[Dataset entries]
┌────────
Lemma countably_additive_and (mu : (X -> Prop) -> R) P : measurable genX P ->
  countably_additive genX mu -> countably_additive genX (fun B => mu (fun x => B x /\ P x)).
Proof.
  intros HP [Hpos Hadd]. split.
  - intros A HA. apply Hpos, measurable_and; auto.
  - intros F HF Hd.
    replace (fun x => (exists n, F n x) /\ P x) with (fun x => exists n, F n x /\ P x)
      by (apply pred_ext; intro x; firstorder).
    apply (Hadd (fun n x => F n x /\ P x)).
    + intro n. apply measurable_and; auto.
    + intros n m x Hnm [H1 _] [H2 _]; eapply Hd; eauto.
Qed.

Lemma countably_additive_scal (mu : (X -> Prop) -> R) c : 0 <= c ->
  countably_additive genX mu -> countably_additive genX (fun B => c * mu B).
Proof.
  intros Hc [Hpos Hadd]. split.
  - intros A HA. apply Rmult_le_pos; auto.
  - intros F HF Hd. apply infinite_sum_scal, Hadd; auto.
Qed.

End TransportCountablyAdditive.

Lemma cylinder_extension_exists (th : nat -> (bseqZ -> Prop) -> R) :
  (forall k, is_prob_measure genZ (th k)) -> theta_relations th ->
  exists nu, (forall A, cylinder A -> nu A = premeasure th A) /\
             countably_additive genProd nu.
Proof.
  intros th_prob th_rel.
  destruct (Caratheodory.caratheodory_extension cylinder (premeasure th))
    as [nu [Hext Hca]].
  - exists 0%nat. apply cyl_empty.
  - intros A B [N HA] [M HB]. exists (Nat.max N M). apply cyl_or; auto.
  - intros A [N HA]. exists N. apply cyl_not; auto.
  - intro A. apply premeasure_nonneg; auto.
  - apply premeasure_empty; auto.
  - intros F HF Hd HU. apply premeasure_sigma_additive; auto.
  - exists nu. split; auto.
    apply countably_additive_sub_gen with cylinder; auto.
    intros G HG. apply meas_gen, genProd_cylinder; auto.
Qed.

Lemma succ_mod_eq x r m : (x < m)%nat -> (r < m)%nat ->
  ((x + 1) mod m = r <-> x = (r + m - 1) mod m)%nat.
Proof.
  intros Hx Hr.
  assert (Hx1 : ((x + 1) mod m = if (x + 1 =? m)%nat then 0 else x + 1)%nat).
  { destruct (Nat.eqb_spec (x + 1) m) as [<-|ne]; [apply Nat.Div0.mod_same|].
    apply Nat.mod_small; lia. }
  assert (Hr1 : ((r + m - 1) mod m = if (r =? 0)%nat then m - 1 else r - 1)%nat).
  { destruct (Nat.eqb_spec r 0) as [->|ne]; [apply Nat.mod_small; lia|].
    replace (r + m - 1)%nat with ((r - 1) + 1 * m)%nat by lia.
    rewrite Nat.Div0.mod_add. apply Nat.mod_small; lia. }
  rewrite Hx1, Hr1.
  destruct (Nat.eqb_spec (x + 1) m), (Nat.eqb_spec r 0); lia.
Qed.

Section Existence.
Variable th : nat -> (bseqZ -> Prop) -> R.
Hypothesis th_prob : forall k, is_prob_measure genZ (th k).
Hypothesis th_rel : theta_relations th.
Variable nu : (XProd -> Prop) -> R.
Hypothesis nu_cylinder : forall A, cylinder A -> nu A = premeasure th A.
Hypothesis nu_ca : countably_additive genProd nu.

Lemma th_shift_mod k n B : measurable genZ B ->
  th k (fun w => B (shiftn n w)) = th k (fun w => B (shiftn (n mod 2 ^ k) w)).
Proof.
  intro HB.
  assert (Hper : forall q m, th k (fun w => B (shiftn (m + 2 ^ k * q) w)) =
                             th k (fun w => B (shiftn m w))).
  { induction q; intro m; [rewrite Nat.mul_0_r, Nat.add_0_r; reflexivity|].
    rewrite <- (IHq m), <- (proj1 (th_rel k) (fun w => B (shiftn (m + 2 ^ k * q) w))
                                 (measurable_shiftn _ _ HB)).
    unfold shift_meas, pushforward. f_equal. apply pred_ext; intro w.
    rewrite shiftn_add, Nat.mul_succ_r, Nat.add_assoc. tauto. }
  rewrite <- (Hper (n / 2 ^ k) (n mod 2 ^ k))%nat.
  assert (Hn := Nat.div_mod_eq n (2 ^ k)).
  rewrite Nat.add_comm, <- Hn. reflexivity.
Qed.

Lemma extension_rect_cylZ B N k r : cylZ N B -> (r < 2 ^ k)%nat ->
  nu (fun p => B (fst p) /\ A_rk r k (snd p)) = / 2 ^ k * th k (fun w => B (shiftn r w)).
Proof.
  intros HB Hr.
  set (E := fun p : XProd => B (fst p) /\ A_rk r k (snd p)).
  assert (HE : cyl (Nat.max N k) E).
  { intros p q H1 H2 [Hp1 Hp2]. split.
    - apply (HB (fst p)); auto; intros z Hz; apply H1; lia.
    - apply (A_rk_cylN r k (snd p)); auto; intros i Hi; apply H2; lia. }
  assert (HsE : cyl_sections k E).
  { split.
    - intros w a a' Ha [H1 H2]; split; auto. apply (A_rk_cylN r k a a'); auto.
    - intro a. apply measurable_and;
        [apply cylZ_measurable with N; auto | apply (measurable_const genZ (A_rk r k a))]. }
  rewrite (nu_cylinder E) by (exists (Nat.max N k); auto).
  rewrite (premeasure_cyl th th_rel _ E HE),
    (premeasure_at_indep th th_rel _ _ E (cyl_cyl_sections _ _ HE) HsE).
  unfold premeasure_at. rewrite (fsum_single _ (2 ^ k) r Hr).
  - f_equal. f_equal. apply pred_ext; intro w. unfold E; cbn [fst snd].
    rewrite A_rk_bits by auto. tauto.
  - intros i Hi Hne. replace (fun w => E (shiftn i w, bits i)) with (fun _ : bseqZ => False).
    + rewrite (measure_empty genZ (th k) (th_countably_additive th th_prob k)). ring.
    + apply pred_ext; intro w; unfold E; cbn [fst snd]. rewrite A_rk_bits by auto. intuition congruence.
Qed.

Lemma extension_rect B k r : measurable genZ B -> (r < 2 ^ k)%nat ->
  nu (fun p => B (fst p) /\ A_rk r k (snd p)) = / 2 ^ k * th k (fun w => B (shiftn r w)).
Proof.
  intros HB Hr. revert B HB.
  apply (pi_lambda genZ (fun B => exists N, cylZ N B)
           (fun B => nu (fun p => B (fst p) /\ A_rk r k (snd p)))
           (fun B => / 2 ^ k * th k (fun w => B (shiftn r w)))).
  - apply (countably_additive_preimage genProd genZ
             (fun C => nu (fun p => C p /\ A_rk r k (snd p))) fst measurable_fst).
    apply countably_additive_and; auto. apply measurable_A_rk.
  - apply countably_additive_scal; [left; apply Rinv_0_lt_compat, pow2_pos|].
    apply (countably_additive_preimage genZ genZ _ (shiftn r) (measurable_shiftn r)).
    apply th_countably_additive; auto.
  - intros A B [N HA] [M HB]. exists (Nat.max N M). intros w w' Hw [H1 H2].
    split; [apply (HA w) | apply (HB w)]; auto; intros z Hz; apply Hw; lia.
  - intros A [N HA]. apply cylZ_measurable with N; auto.
  - intros G HG. apply meas_gen, genZ_cylZ; auto.
  - apply (extension_rect_cylZ (fun _ => True) 0%nat); auto. intros w w' _ _; auto.
  - intros A [N HA]. apply (extension_rect_cylZ A N); auto.
Qed.
(* Consider the part-wise coactive learning algorithm (PCL) described in the context, run for $T$ iterations with any ordering $p_1,\dots,p_n$ of the basic parts and any rule for selecting the part $p^t$ at each iteration, interacting with a conditionally $\alpha$-informative user with $\alpha\in(0,1]$. Then $$\frac{1}{T}\sum_{t=1}^T \mathrm{CREG}_{p^t}(x^t)\le \frac{2DS\|\mathbf{w}^*\|}{\alpha\sqrt{T}}+\frac{1}{\alpha T}\sum_{t=1}^T\zeta^t,$$ where $\|\cdot\|$ is the Euclidean norm and $S:=\max_{p\in\mathcal{P}}|I_p|$.
   Context: Setting. $\mathcal{X}$ is a set of feasible configurations, with feature map $\boldsymbol{\phi}:\mathcal{X}\to\mathbb{R}^m$ satisfying $\|\boldsymbol{\phi}(x)\|_\infty\le D$ for all $x\in\mathcal{X}$. The (unknown) true utility is $u^*(x)=\langle\mathbf{w}^*,\boldsymbol{\phi}(x)\rangle$ with $\mathbf{w}^*\in\mathbb{R}^m$. There is a finite set $\mathcal{P}$ of $n$ basic parts; for $p\in\mathcal{P}$, $x_p\in\mathcal{X}_p$ is the partial configuration of $x$ on $p$ and $x_{\overline{p}}$ the partial configuration on $\overline{p}=\mathcal{P}\setminus\{p\}$; the combination operator satisfies $x=x_p\circ x_{\overline p}$, and $y_p\circ x_{\overline p}$ (for $y_p\in\mathcal{X}_p$) is the configuration obtained from $x$ by replacing its $p$-portion by $y_p$. Each basic part $p$ has a feature subset $I_p\subseteq[m]$ consisting exactly of the features that depend on $x_p$ (for $i\notin I_p$, $\phi_i(x)$ does not change when $x_p$ changes with $x_{\overline p}$ fixed); each $I_p$ contains at least one index not in any $I_q$, $q\ne p$, and $\bigcup_p I_p=[m]$. For a weight vector $\mathbf{w}$ and $Q\subseteq[m]$, write $u[Q](x)=\sum_{i\in Q}w_i\phi_i(x)$; $u^*[Q]$ uses $\mathbf{w}^*$ and $u^t[Q]$ uses $\mathbf{w}^t$. Conditional regret: $\mathrm{CREG}_p(x)=u^*(x^*_p\circ x_{\overline p})-u^*(x)$ where $x^*_p\in\arg\max_{y_p\in\mathcal{X}_p}u^*(y_p\circ x_{\overline p})$ (maxima assumed to exist). Algorithm PCL. Fix an ordering $p_1,\dots,p_n$ of $\mathcal{P}$ and let $J_k:=I_{p_k}\setminus\bigcup_{j=k+1}^n I_{p_j}$. Set $\mathbf{w}^1=0$ and an initial configuration $x^0\in\mathcal{X}$. For $t=1,\dots,T$: select a basic part $p^t=p_k$ and write $I^t=I_{p_k}$, $J^t=J_k$; define $x^t$ by $x^t_{\overline{p^t}}=x^{t-1}_{\overline{p^t}}$ and $x^t_{p^t}\in\arg\max_{y\in\mathcal{X}_{p^t}}u^t[J^t](y\circ x^{t-1}_{\overline{p^t}})$. The user returns an improvement $\hat x^t_{p^t}\in\mathcal{X}_{p^t}$ (returning $\hat x^t_{p^t}=x^t_{p^t}$ if it cannot be improved); write $\hat x^t=\hat x^t_{p^t}\circ x^t_{\overline{p^t}}$. If $u^t[I^t](\hat x^t)-u^t[I^t](x^t)\le0$ set $Q^t=I^t$, otherwise $Q^t=J^t$. Update $w^{t+1}_i=w^t_i$ for $i\notin Q^t$ and $w^{t+1}_i=w^t_i+\phi_i(\hat x^t)-\phi_i(x^t)$ for $i\in Q^t$. Conditional $\alpha$-informativeness: for all $t$, $u^*[I^t](\hat x^t)-u^*[I^t](x^t)\ge\alpha\big(u^*[I^t](x^*_{p^t}\circ x^t_{\overline{p^t}})-u^*[I^t](x^t)\big)$, where $x^*_{p^t}\in\arg\max_{y\in\mathcal{X}_{p^t}}u^*(y\circ x^t_{\overline{p^t}})$. Missing utility gain: $\zeta^t=0$ if $Q^t=I^t$, and $\zeta^t=u^*[I^t\setminus J^t](\hat x^t)-u^*[I^t\setminus J^t](x^t)$ if $Q^t=J^t$. *)

From HB Require Import structures.
From mathcomp Require Import all_boot all_order all_algebra.
Set Implicit Arguments. Unset Strict Implicit. Unset Printing Implicit Defensive.
Import Order.TTheory GRing.Theory Num.Theory.
Local Open Scope ring_scope.

Section PCL.
Variables (R : rcfType) (m : nat) (X : Type).

Definition util (phi : X -> 'I_m -> R) (w : 'I_m -> R) (Q : {set 'I_m}) (x : X) : R :=
  \sum_(i in Q) w i * phi x i.

Definition enorm (w : 'I_m -> R) : R := Num.sqrt (\sum_i w i ^+ 2).

Variables (P : finType) (n : nat).

Definition Jset (I : P -> {set 'I_m}) (ord : 'I_n -> P) (k : 'I_n) : {set 'I_m} :=
  I (ord k) :\: \bigcup_(j : 'I_n | (k < j)%N) I (ord j).

Definition Smax (I : P -> {set 'I_m}) : nat := \max_(p : P) #|I p|.

Definition Qset (phi : X -> 'I_m -> R) (w : 'I_m -> R) (It Jt : {set 'I_m})
  (x xhat : X) : {set 'I_m} :=
  if util phi w It xhat - util phi w It x <= 0 then It else Jt.

Definition zeta (phi : X -> 'I_m -> R) (wstar w : 'I_m -> R) (It Jt : {set 'I_m})
  (x xhat : X) : R :=
  if util phi w It xhat - util phi w It x <= 0 then 0
  else util phi wstar (It :\: Jt) xhat - util phi wstar (It :\: Jt) x.

End PCL.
└────────
* Aim of the task: Check each line of the records for the string "forall" and copy those that have it.

* Answer to the problem:
  (forall k, is_prob_measure genZ (th k)) -> theta_relations th ->
  exists nu, (forall A, cylinder A -> nu A = premeasure th A) /\
Hypothesis th_prob : forall k, is_prob_measure genZ (th k).
Hypothesis nu_cylinder : forall A, cylinder A -> nu A = premeasure th A.
  assert (Hper : forall q m, th k (fun w => B (shiftn (m + 2 ^ k * q) w)) =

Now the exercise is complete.